Gizmodo: What do you think sets Channel Zero apart from the other horror anthology shows that are out there now?

Antosca: I think it is that focus on personal horror, on psychological horror. I also think it’s the format — there’s no other show that does six episodes each season as a showcase for a single director, so they’re tied together thematically, but each one has a really distinctive feel. And honestly I think we have the best monsters.

Gizmodo: Have you had a favourite monster over the four seasons?

Antosca: I think it’s a toss-up between the Tooth Child and Pretzel Jack. I love them both because they’re both terrifying and homicidal, but also kind of adorable.

Gizmodo: I don’t know how much we want to reveal about the character, but is the actor who plays Pretzel Jack a real contortionist?

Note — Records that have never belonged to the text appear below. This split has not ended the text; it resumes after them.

Local Notation fh_feasible := (fh_feasible A B Fx bx Fu bu).
Local Notation fh_optimal := (fh_optimal A B Fx bx Fu bu Q Rc).
Local Notation fh_cost := (fh_cost Q Rc).

Definition feasible_direction T (x : nat -> 'cV[R]_n) (u : nat -> 'cV[R]_d)
    (dx : nat -> 'cV[R]_n) (du : nat -> 'cV[R]_d) : Prop :=
  [/\ dx 0%N = 0, dx T = 0,
      forall k, (k < T)%N -> dx k.+1 = A *m dx k + B *m du k,
      forall k p, (k < T)%N -> (Fx *m x k) p 0 = bx p 0 -> (Fx *m dx k) p 0 <= 0 &
      forall k p, (k < T)%N -> (Fu *m u k) p 0 = bu p 0 -> (Fu *m du k) p 0 <= 0].

Definition fh_slope T (x : nat -> 'cV[R]_n) (u : nat -> 'cV[R]_d)
    (dx : nat -> 'cV[R]_n) (du : nat -> 'cV[R]_d) : R :=
  \sum_(k < T) (bform Q (x k) (dx k) + bform Rc (u k) (du k)).

Lemma stage_costE x u : stage_cost Q Rc x u = bform Q x x + bform Rc u u.
Proof. by []. Qed.

Lemma inPoly_small_step p m (F : 'M[R]_(p, m)) b v w :
  inPoly F b v -> (forall q, (F *m v) q 0 = b q 0 -> (F *m w) q 0 <= 0) ->
  exists2 e : R, 0 < e & forall s, 0 <= s <= e -> inPoly F b (v + s *: w).
Proof.
move=> vF tight.
suff [e e_gt0 step] : exists2 e : R, 0 < e &
    forall q s, 0 <= s <= e -> (F *m (v + s *: w)) q 0 <= b q 0.
  by exists e => // s s_in q; apply: step.
apply: finite_small_step => q; have [e e_gt0 step] := small_step_le (vF q) (tight q).
by exists e => // s /step; rewrite mulmxDr -scalemxAr !mxE.
Qed.

Lemma inPoly_conv p m (F : 'M[R]_(p, m)) b (I : finType)
    (c : I -> R) (v : I -> 'cV[R]_m) :
  (forall i, inPoly F b (v i)) -> (forall i, 0 <= c i) -> \sum_i c i = 1 ->
  inPoly F b (\sum_i c i *: v i).
Proof.
move=> vF c_ge0 c_sum1 q; rewrite mulmx_sumr summxE.
under eq_bigr => i _ do rewrite -scalemxAr mxE.
apply: le_trans (ler_sum _ (fun i _ => ler_wpM2l (c_ge0 i) (vF i q))) _.
by rewrite -mulr_suml c_sum1 mul1r.
Qed.

Lemma fh_feasible_small_step T x0 xT x u dx du :
  fh_feasible T x0 xT x u -> feasible_direction T x u dx du ->
  exists2 e : R, 0 < e & forall s, 0 <= s <= e ->
    fh_feasible T x0 xT (fun k => x k + s *: dx k) (fun k => u k + s *: du k).
Proof.
move=> [x_0 x_k x_T] [dx_0 dx_T dx_k dFx dFu].
suff [e e_gt0 step] : exists2 e : R, 0 < e & forall (k : 'I_T) s, 0 <= s <= e ->
    inPoly Fx bx (x k + s *: dx k) /\ inPoly Fu bu (u k + s *: du k).
  exists e => // s s_in; split.
  - by rewrite x_0 dx_0 scaler0 addr0.
  - move=> k kT; have [xk1 _ _] := x_k k kT; have [xs us] := step (Ordinal kT) s s_in.
    split=> //; rewrite xk1 dx_k // !mulmxDr scalerDr -!scalemxAr; exact: addrACA.
  - by rewrite x_T dx_T scaler0 addr0.
apply: finite_small_step => k; have [_ xk uk] := x_k k (ltn_ord k).
have [ex ex_gt0 stepx] := inPoly_small_step xk (dFx k ^~ (ltn_ord k)).
have [eu eu_gt0 stepu] := inPoly_small_step uk (dFu k ^~ (ltn_ord k)).
exists (Num.min ex eu); first by rewrite lt_min ex_gt0.
move=> s /andP[s_ge0]; rewrite le_min => /andP[sx su].
by split; [apply: stepx | apply: stepu]; rewrite s_ge0.
Qed.

Lemma feasible_direction_sub T x0 xT x u x' u' :
  fh_feasible T x0 xT x u -> fh_feasible T x0 xT x' u' ->
  feasible_direction T x u (fun k => x' k - x k) (fun k => u' k - u k).
Proof.
move=> [x_0 x_k x_T] [x'_0 x'_k x'_T]; split.
- by rewrite x_0 x'_0 subrr.
- by rewrite x_T x'_T subrr.
- move=> k kT; have [-> _ _] := x_k k kT; have [-> _ _] := x'_k k kT.
  by rewrite !mulmxBr opprD addrACA.
- move=> k p kT tight; have [_ x'F _] := x'_k k kT.
  by rewrite mulmxBr mxE [X in _ + X]mxE tight subr_le0.
- move=> k p kT tight; have [_ _ u'F] := x'_k k kT.
  by rewrite mulmxBr mxE [X in _ + X]mxE tight subr_le0.
Qed.

Lemma fh_feasible_states_eq T x0 xT x u x' u' :
  fh_feasible T x0 xT x u -> fh_feasible T x0 xT x' u' ->
  (forall k, (k < T)%N -> u' k = u k) -> forall k, (k <= T)%N -> x' k = x k.
Proof.
move=> [x_0 x_k _] [x'_0 x'_k _] u_eq; elim=> [|k IH] kT; first by rewrite x_0 x'_0.
have [-> _ _] := x'_k k kT; have [-> _ _] := x_k k kT.
by rewrite IH ?u_eq // ltnW.
Qed.

Hypotheses (Q_psd : psd Q) (Rc_pd : pd Rc).

Lemma fh_cost_perturb T x u dx du s :
  fh_cost T (fun k => x k + s *: dx k) (fun k => u k + s *: du k) =
  fh_cost T x u + 2 * s * fh_slope T x u dx du + s ^+ 2 * fh_cost T dx du.
Proof.
rewrite /fh_cost /fh_slope !mulr_sumr -!big_split /=; apply: eq_bigr => k _.
by rewrite !stage_costE !bform_addZ ?Q_psd.1 ?Rc_pd.1 //; ring.
Qed.

Lemma fh_cost_sub T x u x' u' : fh_cost T x' u' =
  fh_cost T x u + 2 * fh_slope T x u (fun k => x' k - x k) (fun k => u' k - u k)
  + fh_cost T (fun k => x' k - x k) (fun k => u' k - u k).
Proof.
have := fh_cost_perturb T x u (fun k => x' k - x k) (fun k => u' k - u k) 1.
rewrite mulr1 expr1n mul1r => <-.
by apply: eq_bigr => k _; rewrite !scale1r !subrKC.
Qed.

Lemma bform_Rc_ge0 v : 0 <= bform Rc v v.
Proof. by have [->|/Rc_pd.2/ltW] := eqVneq v 0; rewrite ?bform0l. Qed.

Lemma stage_cost_ge0 x u : 0 <= stage_cost Q Rc x u.
Proof. by rewrite addr_ge0 ?Q_psd.2 ?bform_Rc_ge0. Qed.

Lemma fh_cost_ge0 T x u : 0 <= fh_cost T x u.
Proof. by apply: sumr_ge0 => k _; apply: stage_cost_ge0. Qed.

Lemma fh_cost_eq0_inputs T dx du :
  fh_cost T dx du = 0 -> forall k, (k < T)%N -> du k = 0.
Proof.
move=> /psumr_eq0P cost0 k kT; apply: contraTeq isT => du_neq0.
have := cost0 (fun k _ => stage_cost_ge0 (dx k) (du k)) (Ordinal kT) isT.
have : 0 <= bform Q (dx k) (dx k) := Q_psd.2 _.
have : 0 < bform Rc (du k) (du k) := Rc_pd.2 _ du_neq0.
rewrite stage_costE /=; lra.
Qed.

Antosca: Yeah! His name is Troy James, and I first saw him on Instagram. We hired him for one episode of Butcher’s Block. He’s the schizophrenia demon, the illusion that chases [Olivia Luccardi’s character, Alice] down the hallway, bent over backwards and crab-walking. I saw what he was capable of, and honestly we wrote the whole [fourth] season around it. That’s why I made Pretzel Jack a contortionist as well as a clown, because I knew what Troy could do. Now, people have discovered him and he’s going to be in a number of movies coming up, but I think this just a perfect, perfect role for him. He’s doing all that stuff with no assistance from technology.

Gizmodo: How many more seasons do you hope to be able to do? Can you tease anything about what may be coming in the future?

Antosca: I know what two more seasons would be. I have no idea and won’t know for at least a month or two whether we’re getting more seasons. If we get to do the two more that I want to do, then continuity among seasons might become a little bit clearer. You might see the return of certain iconic characters that people love from earlier seasons.

Gizmodo: Are we talking crossover? Cameos?

Antosca: Not exactly a crossover. I think it would be a familiar character integrated in a new and unprecedented way.

Gizmodo: So should we assume that these stories are all taking place in the same universe, or is that too much of a reach?

Antosca: Um… no comment. No comment.


Channel Zero: The Dream Door premieres tonight on Syfy, and will run over six consecutive nights through Halloween.